Признаться, на миг я заколебался. Насколько легче было бы мне, если бы Корольков ушел. Но я сразу же взял себя в руки.
— Нет, Сергей Васильевич, на перевод согласия не даю.
— Смотрите, все будет по-старому.
— Хорошо.
Мчались дни. Как короток месяц, когда хочешь, чтобы он был подлиннее!
…Балансовая комиссия впервые за много времени признала работу «Нового» управления удовлетворительной.
— Спасибо, Виктор, — сказал управляющий, когда мы остались одни. — Ты выполнил свою задачу.
Он устало поднялся.
— Но не это главное. Перестроить работу в «Новом» управлении мог бы любой другой энергичный инженер. Может быть, даже скорее, чем ты. Понял?
Признаться, я ничего не понимал. Два месяца я бился с этой проклятой системой, и вот…
— Виктор, как ты думаешь, каким был бы результат нашей работы, если бы считали, понимаешь, с карандашом в руках? Все считали бы. Отработали твою систему до мелочей, а?
— Если б это удалось, Николай Николаевич, мы, наверное, выполняли бы план намного больше.
— Ну, а скажи, если б перед тобой поставили задачу достичь этого в твоем управлении?
— Не знаю, Николай Николаевич, — нерешительно сказал я. — Может быть, если б все помогли…
— Ага, помогли. Да еще все, — насмешливо протянул он. — Главк, да? Трест, заводы? Все бы работали на твое управление и тащили бы его, а остальные стройки что бы делали? Нет, не так. Это нужно сделать не в тепличных условиях. — Он помолчал. — Это очень важно, Виктор. Сделаешь?
Я посмотрел на него. Он выглядел очень усталым.
Это было очень трудно, можно было сорваться, но я не мог ему отказать.
— Сделаю все, что могу, Николай Николаевич.
Глава третья
Три закона
Вот уже три месяца ежедневно я веду с собой такой разговор.
— Обещал управляющему отработать систему до мелочей? — резко спрашиваю я.
— Обещал, — покорно отвечаю я.
— Сказал, черт тебя бери, что за счет этого будешь строить больше?
— Сказал. Только не ругайся, пожалуйста.
— Ага, не ругайся, а чего же ты ждешь? Ведь совершенно точно установлено, что чудес не бывает, само все не сделается.
На этом мои два «я» — и грозно вопрошающее, и дающее смиренные ответы — сливались в одно. Я вдруг вспоминал, что нет бетона, и хватался за телефонную трубку — звонить на завод.
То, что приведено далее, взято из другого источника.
(* For the algorithm PSRL-ZSG described in the context, the number of episodes up to time $T$, $K_T=\max\{k:t_k\le T\}$, satisfies $$K_T\le\sqrt{2SAT\log T},$$ where $S=|\mathcal{S}|$ and $A=|\mathcal{A}|$.
   Context: A two-player zero-sum stochastic game with finite state space $\mathcal{S}$ and finite joint action space $\mathcal{A}=\mathcal{A}^1\times\mathcal{A}^2$ is played over times $t=1,2,\dots$: at each time the state $s_t$ is observed and a joint action $a_t=(a_t^1,a_t^2)$ is taken (the agent chooses $a_t^1$, an arbitrary opponent chooses $a_t^2$). Let $N_t(s,a)=\sum_{\tau=1}^{t-1}\mathbb{1}(s_\tau=s,a_\tau=a)$. PSRL-ZSG divides time into episodes $k=1,2,\dots$ with start times $t_1=1<t_2<\cdots$ and lengths $T_k=t_{k+1}-t_k$, with $T_0=1$. At the start of each episode the agent samples a transition kernel $\theta_k$ from its posterior and plays the maximin stationary policy for $\theta_k$ throughout the episode. Episode $k$ continues at time $t$ as long as $t\le t_k+T_{k-1}$ and $N_t(s,a)\le 2N_{t_k}(s,a)$ for all $(s,a)\in\mathcal{S}\times\mathcal{A}$; as soon as either condition fails, a new episode starts. *)

From mathcomp Require Import all_boot.
Set Implicit Arguments. Unset Strict Implicit. Unset Printing Implicit Defensive.

Section PSRL.
Variables (S A : finType).

(* A trajectory: s t = state at time t, a t = joint action at time t (t >= 1;
   the value at index 0 is irrelevant). *)

Definition visit_count (s : nat -> S) (a : nat -> A) (t : nat) (x : S * A) : nat :=
  \sum_(1 <= tau < t) ((s tau, a tau) == x).

Definition episode_continues (s : nat -> S) (a : nat -> A)
    (tk Tprev t : nat) : bool :=
  (t <= tk + Tprev) &&
  [forall x : S * A, visit_count s a t x <= 2 * visit_count s a tk x].

(* Length T_{k-1} of the episode preceding episode k (k >= 1), with T_0 = 1. *)
Definition prev_length (st : nat -> nat) (k : nat) : nat :=
  if k == 1 then 1 else st k - st k.-1.

Definition psrl_schedule (s : nat -> S) (a : nat -> A) (st : nat -> nat) : Prop :=
  st 1 = 1 /\
  forall k, 1 <= k ->
    [/\ st k < st k.+1,
        (forall t, st k < t < st k.+1 ->
           episode_continues s a (st k) (prev_length st k) t) &
        ~~ episode_continues s a (st k) (prev_length st k) (st k.+1)].

End PSRL.

From Stdlib Require Import Reals Lra Psatz.
From mathcomp Require Import all_boot zify.

(* Fix a threshold c = 2^p and let T_k be the length of episode k.  Each of
   the first K - 1 episodes satisfies c <= T_k + (c - T_k), and their lengths
   add up to t_K - 1 < T.  While episodes end by the length criterion their
   lengths grow by at least one, so over such a run the slacks c - T_k add up
   to at most (c - l) + (c - l - 1) + ... + 1, where l is the length of the
   run's first episode.  An episode that does not grow was ended by the
   doubling criterion for some pair x, and the episode in which x doubles for
   the h-th time has length at least 2^h.  Hence 2^(p+1) K <= 2T + S A p 4^p
   for every p.  Choosing p with 4^p of order T / (S A p) and bounding x ln x
   below by its tangent at 4^p yields K^2 <= 2 S A T ln T; when T <= 2 S A the
   trivial bound K <= T suffices. *)

Set Implicit Arguments. Unset Strict Implicit. Unset Printing Implicit Defensive.

Lemma dyadic_slack_sum p D : \sum_(h < D) (2 ^ p - 2 ^ h) + 2 ^ p <= p * 2 ^ p + 1.
Proof.
have tail : \sum_(h < D) (2 ^ p - 2 ^ h) <= \sum_(h < p) (2 ^ p - 2 ^ h).
  rewrite -!(big_mkord xpredT (fun h => 2 ^ p - 2 ^ h)).
  have [leDp|ltpD] := leqP D p.
    by rewrite [X in _ <= X](big_cat_nat (leq0n D) leDp) leq_addr.
  rewrite [X in X <= _](big_cat_nat (leq0n p) (ltnW ltpD)) /=.
  rewrite [X in _ + X](_ : _ = 0) ?addn0 // big_nat_cond big1 // => h.
  by rewrite andbT => /andP[le_ph _]; apply/eqP; rewrite subn_eq0 leq_exp2l.
have geo : \sum_(h < p) 2 ^ h + 1 = 2 ^ p.
  elim: p {D tail} => [|p IH]; first by rewrite big_ord0.
  by rewrite big_ord_recr /= addnAC IH expnS mul2n addnn.
have split : \sum_(h < p) (2 ^ p - 2 ^ h) + \sum_(h < p) 2 ^ h = p * 2 ^ p.
  rewrite -big_split /=.
  under eq_bigr => h _ do rewrite subnK ?leq_pexp2l ?(ltnW (ltn_ord h)) //.
  by rewrite sum_nat_const card_ord.
lia.
Qed.

Section Schedule.
Variables (S A : finType) (s : nat -> S) (a : nat -> A) (st : nat -> nat).
Hypothesis sched : psrl_schedule s a st.

Local Notation N := (visit_count s a).

Lemma visit_countD t1 t2 x : 1 <= t1 <= t2 ->
  N t2 x = N t1 x + \sum_(t1 <= tau < t2) ((s tau, a tau) == x).
Proof. by move=> /andP[t1_gt0 le_t12]; rewrite /visit_count (@big_cat_nat _ _ _ t1). Qed.

Lemma visit_count_mono t1 t2 x : 1 <= t1 <= t2 -> N t1 x <= N t2 x.
Proof. by move=> t12; rewrite (visit_countD x t12) leq_addr. Qed.

Lemma visit_count_leD t1 t2 x : 1 <= t1 <= t2 -> N t2 x <= N t1 x + (t2 - t1).
Proof.
move=> t12; rewrite (visit_countD x t12) leq_add2l -[t2 - t1]muln1 -sum_nat_const_nat.
by apply: leq_sum => tau _; exact: leq_b1.
Qed.

Lemma start_lt k : 0 < k -> st k < st k.+1.
Proof. by move=> k_gt0; case: (sched.2 k k_gt0). Qed.

Lemma start_ge k : 0 < k -> k <= st k.
Proof.
elim: k => [//|[|k] IH _]; first by rewrite sched.1.
exact: leq_ltn_trans (IH isT) (start_lt (ltn0Sn k)).
Qed.

(* The length T_k of episode k; [ep_len 0 = 1] is the convention T_0 = 1. *)
Definition ep_len k := prev_length st k.+1.

Lemma ep_lenE k : 0 < k -> ep_len k = st k.+1 - st k.
Proof. by case: k. Qed.

Lemma ep_len_gt0 k : 0 < ep_len k.
Proof. by case: k => [//|k]; rewrite ep_lenE // subn_gt0 start_lt. Qed.

Lemma sum_ep_len J : \sum_(1 <= k < J.+1) ep_len k = st J.+1 - 1.
Proof.
elim: J => [|J IH]; first by rewrite big_geq // sched.1.
rewrite big_nat_recr //= IH ep_lenE //.
by have := start_lt (ltn0Sn J); have := start_ge (ltn0Sn J); lia.
Qed.

Definition doubled x k := 2 * N (st k) x < N (st k.+1) x.

Lemma episode_end k : 0 < k -> ep_len k.-1 < ep_len k \/ exists x, doubled x k.
Proof.
move=> k_gt0; case: (sched.2 k k_gt0) => _ _.
have -> : prev_length st k = ep_len k.-1 by case: k k_gt0.
rewrite /episode_continues negb_and -ltnNge negb_forall => /orP[long|/existsP[x]].
  by left; rewrite (ep_lenE k_gt0); lia.
by rewrite -ltnNge => dbl; right; exists x.
Qed.

Definition reset_cost c k :=
  if ep_len k.-1 < ep_len k then 0 else 'C((c - ep_len k).+1, 2).

(* The extra term 'C(c - T_J, 2) = (c - T_J - 1) + ... + 1 bounds the slacks
   the current run can still accumulate if it keeps growing. *)
Lemma slack_potential c J :
  \sum_(1 <= k < J.+1) (c - ep_len k) + 'C(c - ep_len J, 2)
    <= 'C(c - 1, 2) + \sum_(1 <= k < J.+1) reset_cost c k.
Proof.
elim: J => [|J IH]; first by rewrite !big_geq // addn0.
have step : 'C((c - ep_len J.+1).+1, 2) <= 'C(c - ep_len J, 2) + reset_cost c J.+1.
  rewrite /reset_cost /=; case: ifP => [grow|_]; last exact: leq_addl.
  rewrite addn0; have [le_c|lt_c] := leqP c (ep_len J.+1).
    by move: le_c; rewrite -subn_eq0 => /eqP->.
  by apply: leq_bin2l; lia.
rewrite binS bin1 in step.
by rewrite !(big_nat_recr J.+1) //=; lia.
Qed.

Lemma reset_cost_le c k : 0 < k ->
  2 * reset_cost c k <= c * \sum_x doubled x k * (c - ep_len k).
Proof.
move=> k_gt0; rewrite /reset_cost; case: ifP => [//|no_growth].
have [|[x dbl]] := episode_end k_gt0; first by rewrite no_growth.
rewrite -mul_bin_diag bin1 /= (bigD1 x) //= dbl mul1n mulnDr.
apply: leq_trans (leq_addr _ _) => /=.
by rewrite leq_mul2r; have := ep_len_gt0 k; lia.
Qed.

Definition doublings x J := \sum_(1 <= k < J.+1) doubled x k.

Lemma exp_doublings_le x J : 2 ^ doublings x J <= N (st J.+1) x + 1.
Proof.
elim: J => [|J IH]; first by rewrite /doublings big_geq // addn1.
have st_gt0 : 0 < st J.+1 by apply: leq_trans (start_ge _).
have grow : N (st J.+1) x <= N (st J.+2) x.
  by apply: visit_count_mono; rewrite st_gt0 ltnW ?start_lt.
rewrite /doublings big_nat_recr //= -/(doublings x J) expnD.
case dbl: (doubled x J.+1); last by rewrite muln1; apply: leq_trans IH _; rewrite leq_add2r.
by move: dbl; rewrite /doubled /= expn1; lia.
Qed.

Lemma doubled_ep_len_ge x k : 0 < k -> doubled x k -> 2 ^ doublings x k.-1 <= ep_len k.
Proof.
case: k => [//|k] _ dbl.
have st_gt0 : 0 < st k.+1 by apply: leq_trans (start_ge _).
have incr : N (st k.+2) x <= N (st k.+1) x + ep_len k.+1.
  by rewrite ep_lenE //; apply: visit_count_leD; rewrite st_gt0 ltnW ?start_lt.
by have := exp_doublings_le x k; move: dbl; rewrite /doubled /=; lia.
Qed.

Lemma doubled_slack_le x c J :
  \sum_(1 <= k < J.+1) doubled x k * (c - ep_len k)
    <= \sum_(h < doublings x J) (c - 2 ^ h).
Proof.
elim: J => [|J IH]; first by rewrite big_geq.
rewrite /doublings !(big_nat_recr J.+1) //= -/(doublings x J).
case dbl: (doubled x J.+1); last by rewrite mul0n !addn0.
rewrite /= addn1 big_ord_recr /= mul1n leq_add // leq_sub2l //.
exact: doubled_ep_len_ge dbl.
Qed.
Не качайте укоризненно головой. Я не ленился, просто я не знал, с чего начинать. Ведь сколько выпущено книг по организации строительства, во всех подробно описывается, что нужно сделать, но никто из авторов не брался ответить на вопрос: «Как сделать?»
И хотя я точно знал, что мой управляющий Николай Николаевич вот-вот вызовет меня, я ничего не предпринимал. На худой конец я мысленно готовил целую оправдательную речь.
— Николай Николаевич, — я постараюсь говорить твердо, а главное — быстро, чтобы не сбиться. — Я понял, чтобы стать настоящим главным инженером, мало приказа о назначении. Нужно выполнить по крайней мере три условия: думать, заботиться о своем коллективе и ставить его интересы даже выше своих личных. Полтора года тому назад вы сказали, что я это сделал. Вы сказали, что я выполнил и второе условие, когда взялся за отстающий коллектив, навел в нем порядок, внедрил систему в его работу. А потом… Потом я имел неосторожность пообещать вам «дожать систему», то есть отработать ее до мелочей — в зарплате, технологии, и за счет этого добиться больших результатов. Я этого не сумел сделать, Николай Николаевич (это тоже твердо, ни в коем случае не жалобно). Я ведь обыкновенный человек, а не герой романа, — ну, не получается. Как их ввести в систему, все мелочи? Каким законам они подчиняются?..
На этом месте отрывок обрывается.